The week before the start of school went by in a blur. What started as a day at the quarry with Brett and his gang turned into a whole string of plans that took up a lot of my time. Eddie, Fudge, Kendra, and Lucy were his main gang, but there were five other kids—Ryan, Nicole, Bridget, J.D., and Seth—who came along sometimes. Mostly we hung around Calvi's, playing video games and eating ice cream, but there was also a night at the movies, a state fair, and a minor league ballgame. All this in addition to my daily trips to Cranston to suffer with Rabbi Weiner. So I
guess I just didn't have a whole lot of time to see Patrice, and the couple of times we did get together, it was awkward. I mean, we tried to pretend that everything was the same as it was before I had started to hang with Brett: We went to the library, we sat in her basement and watched movies. We had some laughs, but every time I had to leave, she could tell I was going to hang with the kids she hated, and as hard as she tried, she couldn't stop the hurt from showing. She also couldn't stop the rants about how stupid or how mean they were, or how they were going to ruin my bar mitzvah. So I guess I took the easy way out. I'm not exactly proud of it, but after a few days, when I saw Patrice's number on my caller ID I stopped picking up. At first she just called more. Then it tapered off. She got the point eventually. After a couple of days, she stopped calling entirely.
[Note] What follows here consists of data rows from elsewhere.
Lemma mul_mxadj_polar p q (u w : 'M[algC]_(p, q)) :
  u *m mxadj w = 2^-1 *: ((u + w) *m mxadj (u + w) - u *m mxadj u - w *m mxadj w
    + 'i *: ((u + 'i *: w) *m mxadj (u + 'i *: w) - u *m mxadj u - w *m mxadj w)).
Proof.
have := mul_mxadj_expand u w 1; rewrite !scale1r conjC1 mulr1 scale1r => ->.
rewrite mul_mxadj_expand conjCi mulrN -expr2 sqrCi opprK scale1r.
move: (u *m mxadj u) (u *m mxadj w) (w *m mxadj u) (w *m mxadj w) => a b c d.
have -> : a + - 'i *: b + 'i *: c + d - a - d = - 'i *: b + 'i *: c.
  by apply/matrixP=> i j; rewrite !mxE; ring.
rewrite (scalerDr 'i) !(scalerA 'i) mulrN -expr2 sqrCi opprK scale1r scaleN1r.
by apply/matrixP=> i j; rewrite !mxE; field.
Qed.

Section PositiveMap.
Variables (n m : nat) (phi : {linear 'M[algC]_n -> 'M[algC]_m}).
Hypothesis phi_pos : positive_map phi.

Lemma positive_map_mxadj M : phi (mxadj M) = mxadj (phi M).
Proof.
pose sa A := phi (mxadj A) = mxadj (phi A).
have sa0 : sa 0 by rewrite /sa mxadj0 linear0 mxadj0.
have saD A B : sa A -> sa B -> sa (A + B).
  by rewrite /sa mxadjD !linearD /= mxadjD => -> ->.
have saZ c A : sa A -> sa (c *: A).
  by rewrite /sa mxadjZ !linearZ /= mxadjZ => ->.
have saB A B : sa A -> sa B -> sa (A - B).
  by move=> saA saB; rewrite -scaleN1r; apply: (saD) => //; apply: (saZ).
have sa_psd P : psd P -> sa P.
  by move=> P_psd; rewrite /sa (psd_herm P_psd) (psd_herm (phi_pos P_psd)).
have sa_outer (u w : 'cV[algC]_n) : sa (u *m mxadj w).
  rewrite mul_mxadj_polar; apply: (saZ); apply: (saD); last apply: (saZ).
  1,2: by apply: (saB); first apply: (saB); apply/sa_psd/psd_mul_mxadj.
rewrite -/(sa M) [M]matrix_sum_delta.
elim/big_ind: _ => // i _; elim/big_ind: _ => // j _; apply: (saZ).
by rewrite -(mul_delta_mx (0 : 'I_1)) -[delta_mx 0 j]mxadj_delta.
Qed.
Lemma release_phi : phi (a0 :: c', b') = phi (a0 :: c, b).
Proof.
have Hsq := release_sq_le.
have Hdrop : size (drop (s + q) b) = size u - q by rewrite !size_drop; lia.
symmetry; rewrite -[in LHS](cat_take_drop (s + q) b).
apply: (phi_move_balanced (F := flags c 0 (take s b) ++ nseq q false)).
- by rewrite size_cat size_flags size_nseq !size_takel //; lia.
- by rewrite perm_sym perm_rem_at // release_N_lt.
- rewrite -/(ins_at (s + q) x b) bflags_flags ?release_sorted_a' ?release_sorted_b' //=.
  by rewrite release_flags' Hdrop catA.
- rewrite cat_take_drop bflags_flags //= [in LHS]flags_split_last_balanced Hdrop.
  by rewrite -catA -nseqD; congr (_ ++ nseq _ _); have := release_q_le; rewrite size_drop; lia.
Qed.

End Release.

Lemma setA_cons r m n a0 c b :
  setA r m n (a0 :: c, b) <->
  [/\ is_partition (a0 :: c), is_partition b & all (fun x => x <= a0) b] /\
  [/\ sumn (a0 :: c) + sumn b = n, size (a0 :: c) = size b + m
     & count id (flags c 0 b) = r].
Proof.
rewrite /setA /nbalanced.
split=> [/and5P [Ha Hb _ /eqP Hn /and3P [Hba /eqP Hsz /eqP Hr]]|[[Ha Hb Hba] [Hn Hsz Hr]]].
- by split; split=> //; rewrite bflags_flags ?(andP Ha).1 ?(andP Hb).1 in Hr.
- rewrite Hn -Hsz bflags_flags ?(andP Ha).1 ?(andP Hb).1 //= Hr.
  by rewrite Ha Hb Hba !eqxx.
Qed.

Lemma absorb_setA r m n p : setA r.+1 m n p ->
  [/\ setA r (m + 2) n (absorb p), phi (absorb p) = phi p & release (absorb p) = p].
Proof.
case: p => [[|a0 c] b] HA; first by move: HA; rewrite /setA /= !andbF.
move/setA_cons: HA => [[/andP [Hc Hpc] /andP [Hb Hpb] Hba] [Hn Hsz Hr]].
have Hbal : 0 < count id (flags c 0 b) by rewrite Hr.
have Ht := absorb_t_lt Hbal.
set t := (last_true (flags c 0 b)).-1 in Ht *.
set k := count negb (flags c 0 (take t b)).
have Pc := perm_ins_at c k (nth 0 b t).
have Pb := perm_rem_at Ht.
split; rewrite /absorb /= -/t -/k.
- apply/setA_cons; split; split.
  + rewrite /is_partition absorb_sorted_a' //= (perm_all _ Pc) /=.
    by rewrite (allP Hpb _ (mem_nth 0 Ht)); move: Hpc => /= /andP [-> ->].
  + rewrite /is_partition sorted_rem_at //=.
    by move: Hpb; rewrite -(perm_all _ Pb) => /andP [].
  + by move: Hba; rewrite -(perm_all _ Pb) => /andP [].
  + by rewrite -Hn /= (perm_sumn Pc) -(perm_sumn Pb) /=; lia.
  + by rewrite /= (perm_size Pc) -(perm_size Pb) /= in Hsz *; lia.
  + by rewrite (absorb_count Hc Hb Hba Hbal) Hr.
- exact: absorb_phi.
- exact: release_absorb.
Qed.

Lemma release_setA r m n p : setA r (m + 2) n p ->
  setA r.+1 m n (release p) /\ phi (release p) = phi p.
Proof.
case: p => [[|a0 c] b] HA; first by move: HA; rewrite /setA /= !andbF.
move/setA_cons: HA => [[/andP [Hc Hpc] /andP [Hb Hpb] Hba] [Hn Hsz Hr]].
have Hlt : size b < size c by move: Hsz => /=; lia.
split; last exact: release_phi.
rewrite /release /=; set N := (X in rem_at X c); set j := (X in ins_at X _ b).
have HN : N < size c := release_N_lt Hc Hb Hlt.
have Pc := perm_rem_at HN; have Pb := perm_ins_at b j (nth 0 c N).
have Hx : 0 < nth 0 c N by move: Hpc => /= /andP [_ /allP]; apply; exact: mem_nth.
apply/setA_cons; split; split.
- rewrite /is_partition (release_sorted_a' Hc Hb Hlt) /=.
  by move: Hpc; rewrite /= -(perm_all _ Pc) /= => /and3P [-> _ ->].
- by rewrite /is_partition (release_sorted_b' Hc Hb Hlt) /= (perm_all _ Pb) /= Hpb Hx.
- by rewrite (perm_all _ Pb) /= Hba andbT (release_x_le Hc Hb Hlt).
- by rewrite -Hn /= -(perm_sumn Pc) (perm_sumn Pb) /=; lia.
- by rewrite /= (perm_size Pb) -(perm_size Pc) /= in Hsz *; lia.
- by rewrite (release_count Hc Hb Hlt) Hr.
Qed.

Lemma count_true_eq0 (l : seq bool) : count id l = 0 -> l = nseq (size l) false.
Proof. by elim: l => //= [[]] l IH //= /IH {1}->. Qed.

Lemma strict_shiftedP a0 c b : strict_shifted (a0 :: c) b <-> below c 0 b.
Proof.
split=> [/andP [_ /allP Hsh] j Hj|Hbel].
  by rewrite add0n; have := Hsh j.+1; rewrite mem_iota /part /=; apply; lia.
apply/andP; split.
- rewrite /= ltnS leqNgt; apply/negP => Hcb.
  by have := Hbel _ Hcb; rewrite add0n (nth_default 0 (leqnn (size c))).
- apply/allP => -[|i]; rewrite mem_iota // /part /= => Hi.
  by apply: Hbel; lia.
Qed.

Lemma setA0_setB m n p : setA 0 m n p <-> setB 0 m n p.
Proof.
case: p => [[|a0 c] b]; first by rewrite /setA /setB /= !andbF.
rewrite /setB muln0 addn0; split.
- move/setA_cons => [[Ha Hb _] [Hn Hsz /count_true_eq0]].
  rewrite size_flags => /flags_falseP Hbel.
  by rewrite Ha Hb Hn Hsz !eqxx (proj2 (strict_shiftedP _ _ _) Hbel).
- move=> /and5P [Ha Hb /strict_shiftedP Hbel /eqP Hn /eqP Hsz].
  apply/setA_cons; split; split=> //; last first.
    by have /flags_falseP -> := Hbel; rewrite count_nseq.
  apply/allP => y Hy; have Hb0 : 0 < size b by case: (b) Hy.
  have Hy0 : y <= nth 0 b 0.
    by move: Hy => /(nthP 0) [i Hi <-]; apply: nth_geq (andP Hb).1 _.
  have Hc0 : nth 0 c 0 <= a0 by case: (c) (andP Ha).1 => //= z c' /andP [].
  by have := Hbel 0 Hb0; rewrite addn0; lia.
Qed.

Lemma phi_setA0 m n p : setA 0 m n p -> phi p = p.
Proof.
case: p => [[|a0 c] b]; first by rewrite /setA /= !andbF.
move/setA_cons => [[/andP [Hc _] /andP [Hb _] _] [_ _ /count_true_eq0]].
rewrite /phi /balanced_parts /unbalanced_parts bflags_flags //= size_flags => ->.
by rewrite mask_false cats0 map_nseq mask_true ?size_nseq // (sorted_sort geq_trans).
Qed.

Lemma setB_shift r m n p : setB r (m + 2) n p = setB r.+1 m n p.
Proof. by case: p => a b; rewrite /setB (_ : m + 2 + 2 * r = m + 2 * r.+1) //; lia. Qed.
A few days before school began, I found myself sitting in Pam's living room addressing bar mitzvah invitations. To my amazement, I had a group of kids to invite. Here was my list:

Brett Connelly

Eddie Jones

Malcolm “Fudge” Venter

Lucy Abendroth

Kendra Peterson

J. D. Canaday

Nicole Willis

Seth Ashley

Bridget Keller

Ryan Ritchie

Patrice DeCrette

I got out Pam's old white pages, looked up their names, and copied each name and address as neatly as I could onto the fancy envelopes my mom had bought for the occasion. After that, Simon and I walked down the block to the mailbox. But this strange thing happened when I opened the slot to drop in the invites. The first ten envelopes slid right on down the chute, but I just couldn't mail Patrice's. It was like it was glued to my hand. Not literally, of course, but suddenly my heart was pounding and I was frozen. I mean, how awkward would it be if she came? She hated them. They hated her. Why put myself through that on the most important day of my life?

And then I had this really terrible thought. What if Brett and his gang found out Patrice was coming and then refused to come themselves? I remembered Lucy and Patrice's exchange at Calvi's the first time I had seen them together. Then I remembered how Eddie had made fun of Patrice at the quarry. And then I had the final thought—the biggie. I mean, I was still way
too pissed to talk to him, but what if Dad came to my bar mitzvah anyway? What if he walked into the basement of the Methodist church and no one was there except for my mom, Pam, Patrice, and the rabbi we found online?

I closed the mailbox, slipped Patrice's invite back into my pocket, then called for Simon and ran home.

And then, before I knew it was happening, it was Labor Day, and summer vacation was over.